Among the entries below, only the lines starting at the one with "by rewrite /leak mulKVmx ?thetabar_unit." and ending at the one with "move=> st; pose", both included, are to be printed exactly.

[Data excerpts]
== == ==
(* Let $p\in(1,\infty)$ and let $u\in C(Q_1)$ be a viscosity solution of $\mathcal{L}u-u_t=f$ in $U^+:=\{u>0\}$, where $f$ satisfies $0<c_0\le f\le c_1$. Then for every $(z,s)\in\overline{\{u>0\}}$ and $r>0$ with $Q_r(z,s)\subset Q_1$, $$\sup_{(x,t)\in\partial_pQ^-_r(z,s)}u(x,t)\ge\mu_0r^2+u(z,s),\qquad \mu_0=\min\Big(\frac{pc_0}{4(n+p-2)},\frac{c_0}{2}\Big).$$
   Context: $\mathcal{L}v=\frac1p\Delta v+\frac{p-2}{p}\langle D^2v\frac{\nabla v}{|\nabla v|},\frac{\nabla v}{|\nabla v|}\rangle$; viscosity solutions are defined via $C^2$ test functions, using $\mathcal{L}\phi-\phi_t$ when $\nabla\phi\neq0$, and $\Delta\phi+(p-2)\lambda_{\max}(D^2\phi)-\phi_t$ (if $p\ge2$) or $\Delta\phi+(p-2)\lambda_{\min}(D^2\phi)-\phi_t$ (if $1<p<2$) when $\nabla\phi=0$. $Q_r(z,s)=B_r(z)\times(s-r^2,s+r^2)$, $Q_1=Q_1(0,0)$, $Q^-_r(z,s)=B_r(z)\times(s-r^2,s]$, and $\partial_p$ denotes the parabolic boundary (lateral boundary together with the bottom). *)

From HB Require Import structures.
From mathcomp Require Import all_boot all_order all_algebra.
From mathcomp Require Import all_classical all_reals all_analysis.
Set Implicit Arguments. Unset Strict Implicit. Unset Printing Implicit Defensive.
Import Order.TTheory GRing.Theory Num.Theory.
Import numFieldNormedType.Exports.
Local Open Scope classical_set_scope.
Local Open Scope ring_scope.

Definition pt (R : realType) (n : nat) := ('rV[R]_n * R)%type.

(* Coordinate directions: Some i = e_i in space, None = time direction. *)
Definition dir (R : realType) (n : nat) (k : option 'I_n) : pt R n :=
  match k with Some i => (delta_mx 0 i, 0) | None => (0, 1) end.

Definition shift (R : realType) (n : nat) (P v : pt R n) (h : R) : pt R n :=
  (P.1 + h *: v.1, P.2 + h * v.2).

Definition pderiv (R : realType) (n : nat) (k : option 'I_n)
  (phi : pt R n -> R) (P : pt R n) : R :=
  derive1 (fun h : R => phi (shift P (@dir R n k) h)) 0.

Definition pderivable (R : realType) (n : nat) (k : option 'I_n)
  (phi : pt R n -> R) (P : pt R n) : Prop :=
  derivable (fun h : R => phi (shift P (@dir R n k) h)) 0 1.

Definition C2_on (R : realType) (n : nat) (V : set (pt R n)) (phi : pt R n -> R) : Prop :=
  forall P, V P ->
    {for P, continuous phi} /\
    (forall k, pderivable k phi P /\ {for P, continuous (pderiv k phi)}) /\
    (forall k l, pderivable l (pderiv k phi) P /\
                 {for P, continuous (pderiv l (pderiv k phi))}).

Definition grad (R : realType) (n : nat) (phi : pt R n -> R) (P : pt R n) : 'rV[R]_n :=
  \row_i pderiv (Some i) phi P.

Definition hess (R : realType) (n : nat) (phi : pt R n -> R) (P : pt R n) : 'M[R]_n :=
  \matrix_(i, j) pderiv (Some i) (pderiv (Some j) phi) P.

Definition dt (R : realType) (n : nat) (phi : pt R n -> R) (P : pt R n) : R :=
  pderiv None phi P.

Definition lap (R : realType) (n : nat) (phi : pt R n -> R) (P : pt R n) : R :=
  \tr (hess phi P).

Definition lambda_max (R : realType) (n : nat) (A : 'M[R]_n) : R :=
  sup [set a : R | eigenvalue A a].
Definition lambda_min (R : realType) (n : nat) (A : 'M[R]_n) : R :=
  inf [set a : R | eigenvalue A a].

(* normalized p-Laplacian  L phi = (1/p) Delta phi + (p-2)/p <D^2 phi g/|g|, g/|g|> *)
Definition Lop (R : realType) (n : nat) (p : R) (phi : pt R n -> R) (P : pt R n) : R :=
  let g := grad phi P in let H := hess phi P in
  p^-1 * lap phi P + (p - 2) / p * ((g *m H *m g^T) 0 0 / (g *m g^T) 0 0).

(* upper / lower semicontinuous envelopes of L at vanishing gradient *)
Definition Lup (R : realType) (n : nat) (p : R) (phi : pt R n -> R) (P : pt R n) : R :=
  if 2 <= p then p^-1 * (lap phi P + (p - 2) * lambda_max (hess phi P))
  else p^-1 * (lap phi P + (p - 2) * lambda_min (hess phi P)).
Definition Llow (R : realType) (n : nat) (p : R) (phi : pt R n -> R) (P : pt R n) : R :=
  if 2 <= p then p^-1 * (lap phi P + (p - 2) * lambda_min (hess phi P))
  else p^-1 * (lap phi P + (p - 2) * lambda_max (hess phi P)).
(* Let $\mathbb{S}=(S,\Sigma,\{\tau_a\mid a\in L\})$ be an LMP and let $\Lambda$ be a sub-$\sigma$-algebra of $\Sigma$ such that $\Sigma(\mathcal{R}(\Lambda))=\Lambda$. The following are equivalent: (1) $\Lambda$ is stable; (2) $\mathcal{R}(\Lambda)\subseteq\mathcal{R}^T(\Lambda)$; (3) $\mathcal{R}(\Lambda)$ is a state bisimulation.
   Context: An LMP is a triple $(S,\Sigma,\{\tau_a\mid a\in L\})$ with $(S,\Sigma)$ a measurable space, $L$ countable, and each $\tau_a:S\times\Sigma\to[0,1]$ a Markov kernel (subprobability measure in the second argument, measurable in the first). For $R\subseteq S\times S$, $A$ is $R$-closed if $x\in A$, $xRs$ imply $s\in A$; $\Sigma(R)$ is the family of $R$-closed members of $\Sigma$. For $\Gamma\subseteq\mathcal{P}(S)$, $\mathcal{R}(\Gamma)=\{(s,t):\forall A\in\Gamma\,(s\in A\iff t\in A)\}$; for $\Lambda\subseteq\Sigma$, $\mathcal{R}^T(\Lambda)=\{(s,t):\forall a\in L\,\forall E\in\Lambda\ \tau_a(s,E)=\tau_a(t,E)\}$. A family $\Lambda\subseteq\Sigma$ is stable if for all $A\in\Lambda$, rational $r\in[0,1]$ and $a\in L$, $\{s\in S:\tau_a(s,A)>r\}\in\Lambda$. A state bisimulation is a symmetric relation $R$ on $S$ such that whenever $sRt$ and $C\in\Sigma(R)$, $\tau_a(s,C)=\tau_a(t,C)$ for all $a\in L$. *)

From HB Require Import structures.
From mathcomp Require Import all_boot all_order all_algebra.
From mathcomp Require Import all_classical all_reals all_analysis.
Set Implicit Arguments. Unset Strict Implicit. Unset Printing Implicit Defensive.
Import Order.TTheory GRing.Theory Num.Theory.
Local Open Scope classical_set_scope.
Local Open Scope ring_scope.

(* An LMP over the measurable space S with countable label set L is a family
   tau : L -> R.-spker S ~> S of Markov (subprobability) kernels. *)
Section LMP.
Context {d : measure_display} {S : measurableType d} {R : realType} {L : countType}.

Definition relR (G : set (set S)) : S -> S -> Prop :=
  fun s t => forall A, G A -> (A s <-> A t).

Definition relRT (tau : L -> R.-spker S ~> S) (Lam : set (set S)) : S -> S -> Prop :=
  fun s t => forall a E, Lam E -> tau a s E = tau a t E.

Definition rel_closed (Rel : S -> S -> Prop) (A : set S) : Prop :=
  forall x s, A x -> Rel x s -> A s.

Definition SigmaR (Rel : S -> S -> Prop) : set (set S) :=
  [set A | measurable A /\ rel_closed Rel A].

Definition stable (tau : L -> R.-spker S ~> S) (Lam : set (set S)) : Prop :=
  forall A, Lam A -> forall (r : rat) (a : L), 0 <= r <= 1 ->
    Lam [set s | ((ratr r : R)%:E < tau a s A)%E].

Definition state_bisimulation (tau : L -> R.-spker S ~> S) (Rel : S -> S -> Prop) : Prop :=
  (forall s t, Rel s t -> Rel t s) /\
  (forall s t, Rel s t -> forall C, SigmaR Rel C -> forall a, tau a s C = tau a t C).

End LMP.

From HB Require Import structures.
From mathcomp Require Import all_boot all_order all_algebra.
From mathcomp Require Import all_classical all_reals all_analysis.
From mathcomp Require Import measurable_realfun.
Import Order.TTheory GRing.Theory Num.Theory.
Local Open Scope classical_set_scope.
Local Open Scope ring_scope.

(* (1) => (2): the sets {s | tau_a(s, E) > r}, r rational, lie in Lam when Lam
   is stable, hence cannot separate R(Lam)-related states; a value in [0, 1]
   is determined by its rational strict lower cuts, so tau_a(s, E) = tau_a(t, E).
   (2) => (1): {s | tau_a(s, A) > r} is measurable because tau_a is a kernel,
   and R(Lam)-closed because R(Lam)-related states have equal tau_a(-, A);
   so it lies in Sigma(R(Lam)) = Lam.
   (2) <=> (3): R(Lam) is always symmetric, and its closed measurable sets are
   exactly the members of Lam, so the bisimulation condition is condition (2). *)

Lemma rat_between_unit {R : realType} {x y : R} :
  0 <= x -> y <= 1 -> x < y ->
  exists r : rat, [/\ 0 <= r <= 1, x < ratr r & ratr r < y].
Proof.
move=> x0 y1 xy; have /rat_in_itvoo[q] := xy; rewrite in_itv /= => /andP[xq qy].
exists q; split => //.
have q0 : (0 : R) <= ratr q by apply: le_trans x0 (ltW xq).
have q1 : (ratr q : R) <= 1 by apply: le_trans (ltW qy) y1.
by rewrite -(ler0q R) q0 -(ler_rat R) rmorph1 q1.
Qed.

Lemma unit_eq_by_rat_cuts {R : realType} (x y : \bar R) :
  (0 <= x <= 1)%E -> (0 <= y <= 1)%E ->
  (forall r : rat, 0 <= r <= 1 ->
     ((ratr r : R)%:E < x)%E <-> ((ratr r : R)%:E < y)%E) ->
  x = y.
Proof.
case: x => [x| |] //; case: y => [y| |] //; rewrite ?lee_fin ?leey ?leNye //.
move=> /andP[x0 x1] /andP[y0 y1] cuts; congr (_%:E).
have [xy|yx|//] := ltgtP x y.
- have [r [r01 xr ry]] := rat_between_unit x0 y1 xy.
  by move: (cuts r r01) => [_]; rewrite !lte_fin => /(_ ry); rewrite ltNge (ltW xr).
- have [r [r01 xr ry]] := rat_between_unit y0 x1 yx.
  by move: (cuts r r01) => [+ _]; rewrite !lte_fin => /(_ ry); rewrite ltNge (ltW xr).
Qed.

Section LabelledMarkovProcess.
Context {d : measure_display} {S : measurableType d} {R : realType}
  {L : countType}.
Variable tau : L -> R.-spker S ~> S.

Lemma spker_unit (a : L) (s : S) (E : set S) :
  measurable E -> (0 <= tau a s E <= 1)%E.
Proof.
move=> mE; rewrite measure_ge0 /=.
apply: le_trans (sprob_kernel_le1 (tau a) s).
by apply: le_measure; rewrite ?inE.
Qed.

Lemma measurable_superlevel (a : L) (A : set S) (r : R) :
  measurable A -> measurable [set s | (r%:E < tau a s A)%E].
Proof.
move=> mA; rewrite -[X in measurable X]setTI.
have -> : [set s | (r%:E < tau a s A)%E] =
          (fun s => tau a s A) @^-1` `]r%:E, +oo[%classic.
  by apply/seteqP; split => s /=; rewrite in_itv /= andbT.
exact: (measurable_kernel (tau a) A mA) (emeasurable_itv _).
Qed.

Section Relation.
Variable Lam : set (set S).

Lemma relR_sym (s t : S) : relR Lam s t -> relR Lam t s.
Proof. by move=> st A LA; split => /(st A LA). Qed.

Lemma stable_relR_relRT : Lam `<=` measurable -> stable tau Lam ->
  forall s t, relR Lam s t -> relRT tau Lam s t.
Proof.
move=> Lm Lstable s t st a E LE.
apply: unit_eq_by_rat_cuts; try exact: spker_unit (Lm _ LE).
by move=> r r01; exact: st _ (Lstable E LE r a r01).
Qed.

Lemma relR_relRT_stable : SigmaR (relR Lam) = Lam ->
  (forall s t, relR Lam s t -> relRT tau Lam s t) -> stable tau Lam.
Proof.
move=> LSigma RT A LA r a _; rewrite -LSigma; split.
  by apply: measurable_superlevel; rewrite -LSigma in LA; case: LA.
by move=> x s /= xr xs; rewrite -(RT x s xs a A LA).
Qed.

Lemma relR_relRT_bisimulation : SigmaR (relR Lam) = Lam ->
  (forall s t, relR Lam s t -> relRT tau Lam s t) <->
  state_bisimulation tau (relR Lam).
Proof.
move=> LSigma; split.
- move=> RT; split; first exact: relR_sym.
  by move=> s t st C; rewrite LSigma => LC a; exact: RT.
- by move=> [_ bisim] s t st a E; rewrite -LSigma => LE; exact: bisim.
Qed.

End Relation.
End LabelledMarkovProcess.

Theorem lemma3p12 (d : measure_display) (S : measurableType d) (R : realType)
  (L : countType) (tau : L -> R.-spker S ~> S) (Lam : set (set S)) :
  sigma_algebra setT Lam -> Lam `<=` measurable ->
  SigmaR (relR Lam) = Lam ->
  (stable tau Lam <-> (forall s t, relR Lam s t -> relRT tau Lam s t)) /\
  ((forall s t, relR Lam s t -> relRT tau Lam s t) <->
     state_bisimulation tau (relR Lam)).
Proof.
move=> _ Lm LSigma; split; last exact: relR_relRT_bisimulation.
split; [exact: stable_relR_relRT | exact: relR_relRT_stable].
Qed.
Lemma proj_xtraj t : (t <= T)%N -> P t *m xtraj theta x0 t = xtraj theta x0 t.
Proof.
move=> tT; apply: trmx_inj.
rewrite trmx_mul P_sym // submx_mulmx_idem ?P_idem //.
by apply: submx_trans (xtraj_tangent tT) _; case/andP: (P_eqmx_Z tT).
Qed.

Lemma proj_zpar : P 0 *m zpar = zpar.
Proof. by rewrite /zpar mulmxA P_idem. Qed.

Lemma proj_zperp : P 0 *m zperp = 0.
Proof. by rewrite /zperp mulmxBr proj_zpar subrr. Qed.

Lemma alpha_ge0 : 0 <= alpha.
Proof. by rewrite /alpha divr_ge0 ?addr_ge0 ?ltW. Qed.

Lemma alpha_le1 : alpha <= 1.
Proof. by rewrite /alpha ler_pdivrMr ?ltr_wpDl // mul1r lerDr. Qed.

Lemma feedbackE t : (t <= T)%N ->
  1%:M - Km c (P t) = alpha *: 1%:M + (1 - alpha) *: P t.
Proof.
move=> tT; have c1_neq0 : 1 + c != 0 by rewrite gt_eqF // ltr_wpDl.
rewrite Km_proj ?P_sym ?P_idem // /Qm /alpha.
by apply/matrixP => i j; rewrite !mxE; field.
Qed.

Lemma leak0 : leak 0 = 0.
Proof. by rewrite /leak /= invmx1 !mul1mx proj_zperp. Qed.

Lemma proj_leak s : (s <= T)%N -> P 0 *m leak s = leak s.
Proof.
move=> sT; apply: proj_pullback_fixed;
  by rewrite ?thetabar_unit ?P_sym ?P_idem ?proj_thetabar.
Qed.

Lemma drift_tangent t : (t <= T)%N -> P 0 *m drift t = drift t.
Proof.
elim: t => [|t IH] tT /=; first by rewrite mulmx0.
by rewrite mulmxDr -scalemxAr IH ?proj_leak // ltnW.
Qed.

Lemma error_decomposition t : (t <= T)%N ->
  qtraj c theta P x0 z t - xtraj theta x0 t =
  thetabar theta t *m (zpar + alpha ^+ t *: zperp + drift t).
Proof.
elim: t => [|t IH] tT.
  by rewrite /= mul1mx expr0 scale1r addr0 /zpar /zperp addrAC subrr add0r
    addrC subrK.
have tT' := ltnW tT.
set M := thetabar theta t.
have M_fix (w : 'cV[R]_d) : P 0 *m w = w -> P t *m (M *m w) = M *m w.
  by apply: proj_mulmx_fixed; rewrite ?P_sym ?P_idem ?proj_thetabar.
have feedback_x : (1%:M - Km c (P t)) *m xtraj theta x0 t = xtraj theta x0 t.
  rewrite feedbackE // mulmxDl -!scalemxAl !mul1mx proj_xtraj //.
  by rewrite -scalerDl addrC subrK scale1r.
have P_Mu : P t *m (M *m (zpar + alpha ^+ t *: zperp + drift t)) =
    M *m (zpar + alpha ^+ t *: leak t + drift t).
  rewrite !mulmxDr -!scalemxAr (M_fix _ proj_zpar).
  rewrite (M_fix _ (drift_tangent tT')).
  by rewrite /leak mulKVmx ?thetabar_unit.
rewrite /= -[in X in _ - X]feedback_x -!mulmxBr IH // -/M feedbackE //.
rewrite mulmxDl -!scalemxAl mul1mx P_Mu -mulmxA; congr (_ *m _).
have combine (a b l w : 'cV[R]_d) :
    a + alpha ^+ t.+1 *: b + (w + ((1 - alpha) * alpha ^+ t) *: l) =
    alpha *: (a + alpha ^+ t *: b + w) +
      (1 - alpha) *: (a + alpha ^+ t *: l + w).
  by apply/matrixP => i j; rewrite !mxE exprS; ring.
by rewrite combine [RHS]mulmxDr -!scalemxAr.
Qed.

Lemma distortion_le_gamma s t : (s <= t)%N ->
  distortion (thetabar theta s) <= gamma theta t.
Proof.
move=> st; pose F (i : 'I_t.+1) := distortion (thetabar theta i).
exact: (le_bigmax 0 F (Ordinal (st : (s < t.+1)%N))).
Qed.

Lemma vnorm_zpar_zperp a :
  vnorm (zpar + a *: zperp) ^+ 2 = vnorm zpar ^+ 2 + a ^+ 2 * vnorm zperp ^+ 2.
Proof.
have zpar_perp : dot zpar zperp = 0.
  by rewrite -proj_zpar dot_mulmxl P_sym // proj_zperp dot0r.
rewrite vnorm_sq dotDl !dotDr !dotZl !dotZr (dotC zperp) zpar_perp -!vnorm_sq.
by ring.
Qed.

Lemma vnorm_z_sq : vnorm z ^+ 2 = vnorm zpar ^+ 2 + vnorm zperp ^+ 2.
Proof.
rewrite -[in LHS](subrK zpar z) addrC -[z - _]scale1r vnorm_zpar_zperp.
by rewrite expr1n mul1r.
Qed.

Lemma vnorm_zperp_le : vnorm zperp <= vnorm z.
Proof.
rewrite -(ler_pXn2r (n := 2)) ?nnegrE ?vnorm_ge0 // vnorm_z_sq lerDr.
exact: sqr_ge0.
Qed.

Lemma vnorm_leak_le_distortion s : (s <= T)%N ->
  vnorm (leak s) <= distortion (thetabar theta s) * vnorm zperp.
Proof.
move=> sT; apply: (vnorm_proj_pullback_le (P0 := P 0)) proj_zperp;
  by rewrite ?thetabar_unit ?P_sym ?P_idem ?proj_thetabar.
Qed.

Lemma vnorm_leak_le s t : (s <= t)%N -> (t <= T)%N ->
  vnorm (leak s) <= gamma theta t * vnorm z.
Proof.
move=> st tT; apply: le_trans (vnorm_leak_le_distortion (leq_trans st tT)) _.
by rewrite ler_pM ?distortion_ge0 ?vnorm_ge0 ?distortion_le_gamma
  ?vnorm_zperp_le.
Qed.

Lemma vnorm_drift_le t D : (forall s, (s <= t)%N -> vnorm (leak s) <= D) ->
  vnorm (drift t.+1) <= D * (alpha - alpha ^+ t.+1).
Proof.
elim: t => [|t IH] leak_le.
  by rewrite /= leak0 scaler0 addr0 vnorm0 expr1 subrr mulr0.
have := IH (fun s st => leak_le s (leqW st)).
have k_ge0 : 0 <= (1 - alpha) * alpha ^+ t.+1.
  by rewrite mulr_ge0 ?exprn_ge0 ?alpha_ge0 ?subr_ge0 ?alpha_le1.
have := ler_wpM2l k_ge0 (leak_le t.+1 (leqnn _)).
rewrite /= -/(drift t.+1) [alpha ^+ t.+2]exprS.
have := vnormD_le (drift t.+1) (((1 - alpha) * alpha ^+ t.+1) *: leak t.+1).
rewrite vnormZ ger0_norm //; lra.
Qed.

Lemma thetabar_orthogonal :
  (forall t, (t < T)%N -> (theta t)^T *m theta t = 1%:M) ->
  forall t, (t <= T)%N -> (thetabar theta t)^T *m thetabar theta t = 1%:M.
Proof.
move=> theta_orth; elim=> [|t IH] tT /=; first by rewrite trmx1 mulmx1.
rewrite trmx_mul -mulmxA (mulmxA (theta t)^T) theta_orth // mul1mx.
by rewrite IH // ltnW.
Qed.
Definition Cx : Type := (R * R)%type.
Definition C0 : Cx := (0, 0).
Definition C1 : Cx := (1, 0).
Definition RtoC (r : R) : Cx := (r, 0).
Definition Cadd (z w : Cx) : Cx := (fst z + fst w, snd z + snd w).
Definition Cmul (z w : Cx) : Cx :=
  (fst z * fst w - snd z * snd w, fst z * snd w + snd z * fst w).
Definition Cnorm2 (z : Cx) : R := fst z * fst z + snd z * snd z.

Definition fsum {I : Type} (g : I -> R) (l : list I) : R := fold_right Rplus 0 (map g l).
(* [has_sum g s] : the (unordered) sum of the family g equals s, i.e. s is the
   supremum of all finite partial sums (for nonnegative g). *)
Definition has_sum {I : Type} (g : I -> R) (s : R) : Prop :=
  is_lub (fun r => exists l : list I, NoDup l /\ r = fsum g l) s.

Definition nsq {I : Type} (f : I -> Cx) (s : R) : Prop := has_sum (fun i => Cnorm2 (f i)) s.
Definition l2 {I : Type} (f : I -> Cx) : Prop := exists s, nsq f s.

Definition bounded_op {I : Type} (T : (I -> Cx) -> (I -> Cx)) : Prop :=
  (forall f, l2 f -> l2 (T f)) /\
  exists M : R, forall f s t, l2 f -> nsq f s -> nsq (T f) t -> t <= M * s.

(* 2-isometry: I - 2T*T + T*^2T^2 = 0, i.e. ||f||^2 - 2||Tf||^2 + ||T^2 f||^2 = 0 *)
Definition two_isometry {I : Type} (T : (I -> Cx) -> (I -> Cx)) : Prop :=
  forall f a b c, l2 f -> nsq f a -> nsq (T f) b -> nsq (T (T f)) c ->
    a - 2 * b + c = 0.

Definition unitarily_equiv {A B : Type} (S : (A -> Cx) -> (A -> Cx))
  (T : (B -> Cx) -> (B -> Cx)) : Prop :=
  exists U : (A -> Cx) -> (B -> Cx),
    (forall f, l2 f -> l2 (U f)) /\
    (forall f g, l2 f -> l2 g ->
        forall b, U (fun a => Cadd (f a) (g a)) b = Cadd (U f b) (U g b)) /\
    (forall (z : Cx) f, l2 f -> forall b, U (fun a => Cmul z (f a)) b = Cmul z (U f b)) /\
    (forall f s, l2 f -> (nsq f s <-> nsq (U f) s)) /\
    (forall g, l2 g -> exists f, l2 f /\ forall b, U f b = g b) /\
    (forall f, l2 f -> forall b, U (S f) b = T (U f) b).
== == ==
Solution —
  by rewrite /leak mulKVmx ?thetabar_unit.
rewrite /= -[in X in _ - X]feedback_x -!mulmxBr IH // -/M feedbackE //.
rewrite mulmxDl -!scalemxAl mul1mx P_Mu -mulmxA; congr (_ *m _).
have combine (a b l w : 'cV[R]_d) :
    a + alpha ^+ t.+1 *: b + (w + ((1 - alpha) * alpha ^+ t) *: l) =
    alpha *: (a + alpha ^+ t *: b + w) +
      (1 - alpha) *: (a + alpha ^+ t *: l + w).
  by apply/matrixP => i j; rewrite !mxE exprS; ring.
by rewrite combine [RHS]mulmxDr -!scalemxAr.
Qed.

Lemma distortion_le_gamma s t : (s <= t)%N ->
  distortion (thetabar theta s) <= gamma theta t.
Proof.
move=> st; pose F (i : 'I_t.+1) := distortion (thetabar theta i).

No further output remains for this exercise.